Divers and supervisors work with gas physics daily and of all the gasses, CO2 is among a few of the most important ones to have a solid understanding of. Divers aren’t scientists, or atmospheric specialists, but we do have a solid understanding of CO2. Kind of the “mechanics” of gas science for lack of a better description. It is imperative that anyone in charge of a chamber or other confined and potentially un-ventilated space have a good academic grasp of at least some gas physics.
With this in mind today’s science bit discusses carbon dioxide (CO2). Seemingly a topic of great interest in the media and political spectrums this article isnt intended to divide any audiences but rather present an impartial and academic view of the gas so many are so afraid of, and one which chamber or diving supervisors perpetually hold in the back of their minds owing to the many situations in diving where this gas becomes extremely important to know about such as diving in helmets, band masks, chambers and bells as well as any other scenario which may present arge “dead air” spaces.
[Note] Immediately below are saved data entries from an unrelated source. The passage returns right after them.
Lemma mzv_part_bound r k lo N : (2 <= k)%nat ->
  mzv_part (repeat 1%nat r ++ [k]) lo N <= 2 / INR (S lo).
Proof.
  intros Hk. revert lo; induction r as [|r IH]; intros lo;
    cbn [repeat app mzv_part]; apply sum_range_telescope_bound; intros j Hj;
    assert (Hj1 : 1 <= INR j) by (apply (le_INR 1); exact Hj).
  - rewrite Rmult_1_r. apply (Rle_trans _ (/ INR j ^ 2)).
    + apply Rinv_le_contravar; [apply pow_lt; lra|apply Rle_pow; [lra|exact Hk]].
    + rewrite S_INR. replace (2 / (INR j * (INR j + 1))) with (/ (INR j * (INR j + 1) / 2))
        by (field; lra).
      apply Rinv_le_contravar; [nra|]. simpl. nra.
  - apply (Rle_trans _ (/ INR j ^ 1 * (2 / INR (S j)))).
    + apply Rmult_le_compat_l; [apply inv_INR_pow_nonneg|apply IH].
    + right. rewrite pow_1, S_INR. field. lra.
Qed.

Lemma mzv_part_lim r k : (2 <= k)%nat ->
  is_lim_seq (fun N => mzv_part (repeat 1%nat r ++ [k]) 0 N) (mzv (repeat 1%nat r ++ [k])).
Proof.
  intros Hk. unfold mzv. apply Lim_seq_correct', (ex_finite_lim_seq_incr _ 2).
  - intros; apply mzv_part_mono.
  - intros N. eapply Rle_trans; [apply mzv_part_bound, Hk|]. simpl. lra.
Qed.

Lemma is_lim_seq_sum_lt k (u : nat -> nat -> R) (l : nat -> R) :
  (forall r, (r < k)%nat -> is_lim_seq (u r) (l r)) ->
  is_lim_seq (fun N => sum_lt k (fun r => u r N)) (sum_lt k l).
Proof.
  induction k as [|k IH]; intros H; simpl; [apply is_lim_seq_const|].
  apply is_lim_seq_plus'; [apply IH; intros; apply H; lia|apply H; lia].
Qed.

Lemma alt_mzv_part_lim n :
  is_lim_seq (fun N => alt_mzv_part N 0 n)
    (sum_range 0 n (fun r => (-1) ^ (r + n) * mzv (repeat 1%nat r ++ [(n + 2 - r)%nat]))).
Proof.
  rewrite sum_range_0.
  apply (is_lim_seq_ext (fun N => sum_lt (S n) (alt_mzv_term N 0 n)));
    [intros N; unfold alt_mzv_part; rewrite sum_range_0; reflexivity|].
  apply (is_lim_seq_sum_lt (S n) (fun r N => alt_mzv_term N 0 n r)). intros r Hr.
  apply is_lim_seq_mult'; [apply is_lim_seq_const|apply mzv_part_lim; lia].
Qed.

Lemma star_series_even N lo m : star_series N lo (2 * m)%nat = mzsv_part (repeat 2%nat m) lo N.
Proof. unfold star_series. rewrite Nat.even_mul, Nat.div2_double. reflexivity. Qed.

Lemma star_series_odd N lo m : star_series N lo (S (2 * m)) = 0.
Proof. unfold star_series. rewrite Nat.even_succ, Nat.odd_mul. reflexivity. Qed.

Theorem proposition4p2 (n : nat) :
  let S := sum_range 0 n
             (fun r => (-1) ^ (r + n) * mzv (repeat 1%nat r ++ (n + 2 - r)%nat :: nil)) in
  (forall m : nat, n = (2 * m)%nat -> S = mzsv (repeat 2%nat (m + 1))) /\
  (forall m : nat, n = (2 * m + 1)%nat -> S = 0).
Proof.
  intros lhs.
  assert (Hlim : is_lim_seq (fun N => star_series N 1 (n + 2)%nat) lhs).
  { apply (is_lim_seq_ext (fun N => alt_mzv_part N 0 n + wz_err N n));
      [intros N; symmetry; apply star_series_coef|].
    rewrite <- (Rplus_0_r lhs).
    apply is_lim_seq_plus'; [apply alt_mzv_part_lim|apply wz_err_lim]. }
  split; intros m Hm.
  - replace (n + 2)%nat with (2 * (m + 1))%nat in Hlim by lia.
    apply (is_lim_seq_ext _ _ _ (fun N => star_series_even N 1 (m + 1))) in Hlim.
    unfold mzsv. erewrite is_lim_seq_unique by exact Hlim. reflexivity.
  - replace (n + 2)%nat with (S (2 * (m + 1))) in Hlim by lia.
    apply (is_lim_seq_ext _ _ _ (fun N => star_series_odd N 1 (m + 1))) in Hlim.
    apply is_lim_seq_unique in Hlim. rewrite Lim_seq_const in Hlim. now injection Hlim.
Qed.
After all it’s the one that is readily changeable in the hyperbaric environment including diving, as we all produce at least a quarter of a litre of it per minute at rest. More when we are working hard. It takes little more than primary school mathematics and high school physics to develop an understanding of the role of CO2 in the air we breathe and how it behaves.
If there is one gas a diver really knows its CO2 .
Carbon dioxide (chemical formula CO2)
CO2 is a colourless gas, about 60% higher in density than dry air. It consists of a carbon atom covalently bonded to two oxygen atoms. Occurring naturally in the atmosphere as a trace gas the current concentration is 0.04% (approximately 400 ppm) by volume. Pre Industrial levels of 280 ppm indicate a definite rise following the industrial revolution. A rise of approximately 120 ppm or 0.012% concentration in the atmosphere. Approximately 12 one thousandths of a percent. (Depending in which sources one subscribes to this may as high as 140 ppm or 0.014%). As a technician rather than a scientist, it’s beyond my scope to determine if this amount is scentifically or statistically significant so I’ll let the reader decide on that score.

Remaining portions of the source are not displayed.